(Extracted data entries)
◆ ◆ ◆ ◆
Lemma powerful_preim (c k : int) (S : {set T'}) :
  (forall x, margin e' S (f x) <= margin e (f @^-1: S) x + c) ->
  f @^-1: S != set0 -> powerful_alliance e' k S ->
  powerful_alliance e (k - c) (f @^-1: S).
Proof.
move=> le_margin R0 /powerfulP[_ dS oS]; apply/powerfulP; split=> // x xR.
  by rewrite inE in xR; have := dS _ xR; have := le_margin x; lia.
have := subsetP (boundary_preim S) x xR; rewrite inE => /oS.
have := le_margin x; lia.
Qed.

End Homomorphism.

Lemma mem_zip_index (S T : eqType) (s : seq S) (t : seq T) x y :
  uniq s -> uniq t -> (x, y) \in zip s t ->
  [/\ x \in s, y \in t & index x s = index y t].
Proof.
elim: s t => [|a s IH] [|b t] //= /andP[as_ us] /andP[bt ut].
rewrite in_cons => /orP[/eqP[-> ->] | xy]; first by rewrite !in_cons !eqxx.
have [xs yt ixy] := IH _ us ut xy.
have ax : a != x by apply: contraNneq as_ => ->.
have bY : b != y by apply: contraNneq bt => ->.
by rewrite !in_cons xs yt !orbT (negbTE ax) (negbTE bY) ixy.
Qed.

(* M is a matching: distinct pairs of M differ in both coordinates. *)
Definition matching (T1 T2 : finType) (M : {set T1 * T2}) : Prop :=
  {in M &, forall p q, (p.1 == q.1) = (p.2 == q.2)}.

Lemma matching_exists (T1 T2 : finType) (A : {set T1}) (B : {set T2}) :
  exists2 M : {set T1 * T2}, M \subset setX A B & matching M /\ #|M| = minn #|A| #|B|.
Proof.
have [uA uB] := (enum_uniq (mem A), enum_uniq (mem B)).
exists [set p in zip (enum A) (enum B)]; last split.
- apply/subsetP=> -[x y]; rewrite !inE => /(mem_zip_index uA uB)[xA yB _].
  by move: xA yB; rewrite !mem_enum => -> ->.
- move=> [x y] [x' y']; rewrite !inE /= => /(mem_zip_index uA uB)[xA yB ixy].
  case/(mem_zip_index uA uB)=> xA' yB' ixy'.
  rewrite -(inj_in_eq (@index_inj _ x (enum A))) //.
  by rewrite -[RHS](inj_in_eq (@index_inj _ y (enum B))) // ixy ixy'.
- by rewrite cardsE (card_uniqP (zip_uniql _ uA)) size_zip -!cardE.
Qed.

Definition row (T1 T2 : finType) (S : {set T1 * T2}) (b : T2) : {set T1} :=
  (fun a => (a, b)) @^-1: S.
Definition col (T1 T2 : finType) (S : {set T1 * T2}) (a : T1) : {set T2} :=
  (fun b => (a, b)) @^-1: S.

Section CartesianProduct.
Variables (T1 T2 : finType) (e1 : rel T1) (e2 : rel T2).
Hypotheses (irr1 : irreflexive e1) (irr2 : irreflexive e2).
Local Notation G := (cart_rel e1 e2).

Lemma deg_in_cart (S : {set T1 * T2}) a b :
  deg_in G S (a, b) = (deg_in e1 (row S b) a + deg_in e2 (col S a) b)%N.
Proof.
rewrite /deg_in -(cardsID [set u : T1 * T2 | u.2 == b]).
have -> : [set u in S | G (a, b) u] :&: [set u : T1 * T2 | u.2 == b]
   = (fun x => (x, b)) @: [set x in row S b | e1 a x].
  apply/setP=> -[x y]; rewrite !inE /cart_rel /=; apply/idP/imsetP.
    case/andP=> /andP[xyS adj] /eqP yb; subst y.
    rewrite irr2 andbF eqxx /= in adj.
    by exists x; rewrite // !inE xyS adj.
  by case=> x'; rewrite !inE => /andP[xS eax] [-> ->]; rewrite xS eqxx eax orbT.
have -> : [set u in S | G (a, b) u] :\: [set u : T1 * T2 | u.2 == b]
   = (fun y => (a, y)) @: [set y in col S a | e2 b y].
  apply/setP=> -[x y]; rewrite !inE /cart_rel /=; apply/idP/imsetP.
    case/andP=> yb /andP[xyS]; rewrite [b == y]eq_sym (negbTE yb) orbF.
    by case/andP=> /eqP ax eby; subst x; exists y; rewrite // !inE xyS eby.
  case=> y'; rewrite !inE => /andP[yS eby] [-> ->].
  have yb : y' != b by apply: contraTneq eby => ->; rewrite irr2.
  by rewrite yb yS eqxx eby.
by rewrite !card_imset // => u v [].
Qed.

Lemma margin_cart (S : {set T1 * T2}) a b :
  margin G S (a, b) = margin e1 (row S b) a + margin e2 (col S a) b.
Proof.
by rewrite /margin !deg_in_cart /row /col !preimsetC !PoszD opprD addrACA.
Qed.

Lemma row_hom b x y : e1 x y -> G (x, b) (y, b).
Proof. by move=> exy; rewrite /cart_rel /= eqxx exy orbT. Qed.

Lemma col_hom a x y : e2 x y -> G (a, x) (a, y).
Proof. by move=> exy; rewrite /cart_rel /= eqxx exy. Qed.

Lemma powerful_row (k : int) (S : {set T1 * T2}) b :
  row S b != set0 -> powerful_alliance G k S ->
  powerful_alliance e1 (k - (maxdeg e2)%:Z) (row S b).
Proof.
have le_margin x : margin G S (x, b) <= margin e1 (row S b) x + (maxdeg e2)%:Z.
  by rewrite margin_cart; have := margin_le_deg e2 (col S x) b;
     have := deg_le_maxdeg e2 b; lia.
exact: (powerful_preim (f := pair^~ b) (@row_hom b) le_margin).
Qed.
Lemma dmin_gt0 : 0 < dmin w.
Proof.
have /card_gt0P [u _] := card_gt0.
have [m _ m_min] := @arg_minP _ R V u xpredT (deg w) erefl.
apply: lt_le_trans (deg_gt0 m) _; apply: lb_le_inf; first by exists (deg w u), u.
by move=> _ [x _ <-]; apply: m_min.
Qed.

Lemma dmax_ge u : deg w u <= dmax w.
Proof.
apply: ub_le_sup; last by exists u.
exists (\sum_x deg w x) => _ [x _ <-].
by have := deg_le_half x; have := deg_ge0 x; lra.
Qed.

Lemma dmax_gt0 : 0 < dmax w.
Proof. by have /card_gt0P [u _] := card_gt0; apply: lt_le_trans (deg_gt0 u) (dmax_ge u). Qed.

Lemma hc_cost_ge_dmin t : is_hc_tree t ->
  2 / 9 * conductance w * dmin w * #|V|%:R ^+ 2 <= hc_cost w t.
Proof.
move=> t_hc; set n : R := #|V|%:R.
have n_ge2 : 2 <= n by rewrite (ler_nat R 2).
have c_gt0 : 0 < dmin w * (n / 3) by apply: mulr_gt0; [exact: dmin_gt0 | lra].
have vol_ge (X : {set V}) : n / 3 <= \sum_(x in X) 1 -> dmin w * (n / 3) <= vol w X.
  rewrite sumr_const => X_ge; apply: le_trans (ler_wpM2l (ltW dmin_gt0) X_ge) _.
  rewrite -sumr_const mulr_sumr; apply: ler_sum => x _; rewrite mulr1; exact: dmin_le.
have [|||Q Q_gt cost_ge] := hc_cost_ge_balanced (fun=> 1) n t_hc _ _ _ c_gt0 vol_ge.
- by rewrite sumr_const.
- lra.
- move=> _; lra.
rewrite big_const_seq count_predT iter_addr_0 in Q_gt.
apply: le_trans cost_ge.
rewrite [leLHS](_ : _ = 2 * (n / 3) * (conductance w * (dmin w * (n / 3)))); last by field.
by apply: ler_wpM2r (ltW Q_gt); apply: mulr_ge0 (ltW cond_gt0) (ltW c_gt0).
Qed.

Lemma hc_cost_ge_dmax t : is_hc_tree t ->
  2 / 9 * conductance w * (\sum_u deg w u) ^+ 2 / dmax w <= hc_cost w t.
Proof.
move=> t_hc; set P := \sum_u deg w u.
have P_gt0 : 0 < P := sum_deg_gt0.
have c_gt0 : 0 < P / 3 by lra.
have deg_le u : deg w u <= 2 * (P / 3).
  by move: (deg_le_half u) (deg_ge0 u); rewrite -/P; lra.
have [Q Q_gt cost_ge] := hc_cost_ge_balanced (deg w) P t_hc erefl P_gt0 deg_le c_gt0 (fun X => id).
have sum_Q : \sum_(x <- Q) deg w x <= (size Q)%:R * dmax w.
  apply: le_trans (ler_sum _ (fun x _ => dmax_ge x)) _.
  by rewrite big_const_seq count_predT iter_addr_0 mulr_natl.
rewrite ler_pdivrMr ?dmax_gt0 //.
apply: le_trans (ler_wpM2r (ltW dmax_gt0) cost_ge).
rewrite [leLHS](_ : _ = 2 * (P / 3) * (conductance w * (P / 3))); last by field.
rewrite [leRHS]mulrAC; apply: ler_wpM2r; first exact: mulr_ge0 (ltW cond_gt0) (ltW c_gt0).
exact: le_trans (ltW Q_gt) sum_Q.
Qed.

Lemma hc_cost_le_davg_opt t : is_hc_tree t ->
  hc_cost w t <= 9 / (4 * conductance w) * (davg w / dmin w) * hc_opt w.
Proof.
move=> t_hc; have n_gt0 : 0 < #|V|%:R :> R by rewrite ltr0n.
apply: le_trans (hc_cost_le_card _ t_hc) _.
rewrite [leLHS](_ : _ = 9 / (4 * conductance w) * (davg w / dmin w) *
    (2 / 9 * conductance w * dmin w * #|V|%:R ^+ 2)); last first.
  by rewrite /davg; field; rewrite !gt_eqF ?dmin_gt0.
apply: ler_wpM2l; last exact: lb_le_hc_opt t_hc hc_cost_ge_dmin.
by apply/ltW; rewrite /davg !(mulr_gt0, divr_gt0, invr_gt0) ?sum_deg_gt0 ?dmin_gt0.
Qed.

Lemma hc_cost_le_dmax_opt t : is_hc_tree t ->
  hc_cost w t <= 9 / (4 * conductance w) * (dmax w / davg w) * hc_opt w.
Proof.
move=> t_hc; have n_gt0 : 0 < #|V|%:R :> R by rewrite ltr0n.
apply: le_trans (hc_cost_le_card _ t_hc) _.
rewrite [leLHS](_ : _ = 9 / (4 * conductance w) * (dmax w / davg w) *
    (2 / 9 * conductance w * (\sum_u deg w u) ^+ 2 / dmax w)); last first.
  by rewrite /davg; field; rewrite !gt_eqF ?dmax_gt0 ?sum_deg_gt0.
apply: ler_wpM2l; last exact: lb_le_hc_opt t_hc hc_cost_ge_dmax.
by apply/ltW; rewrite /davg !(mulr_gt0, divr_gt0, invr_gt0) ?sum_deg_gt0 ?dmax_gt0.
Qed.

End Conductance.

End Graph.

Theorem lemma3p1 (R : realType) (V : finType) (w : V -> V -> R)
  (hn : (2 <= #|V|)%N)
  (hsym : forall u v, w u v = w v u)
  (hloop : forall u, w u u = 0)
  (hnonneg : forall u v, 0 <= w u v)
  (hcond : 0 < conductance w)
  (T : hctree V) (hT : is_hc_tree T) :
  hc_cost w T <=
    9 / (4 * conductance w) *
    Num.min (davg w / dmin w) (dmax w / davg w) * hc_opt w.
Proof.
rewrite minEle; case: (leP (davg w / dmin w) (dmax w / davg w)) => _.
- exact: hc_cost_le_davg_opt.
- exact: hc_cost_le_dmax_opt.
Qed.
◆ ◆ ◆ ◆
WORK TO COMPLETE =
Once the line with "margin G S (a, b)" is found in the records above, print exactly that line and every line after it through the line with "Lemma powerful_row (k".

EXERCISE RESULT =
  margin G S (a, b) = margin e1 (row S b) a + margin e2 (col S a) b.
Proof.
by rewrite /margin !deg_in_cart /row /col !preimsetC !PoszD opprD addrACA.
Qed.

Lemma row_hom b x y : e1 x y -> G (x, b) (y, b).
Proof. by move=> exy; rewrite /cart_rel /= eqxx exy orbT. Qed.

Lemma col_hom a x y : e2 x y -> G (a, x) (a, y).
Proof. by move=> exy; rewrite /cart_rel /= eqxx exy. Qed.

Lemma powerful_row (k : int) (S : {set T1 * T2}) b :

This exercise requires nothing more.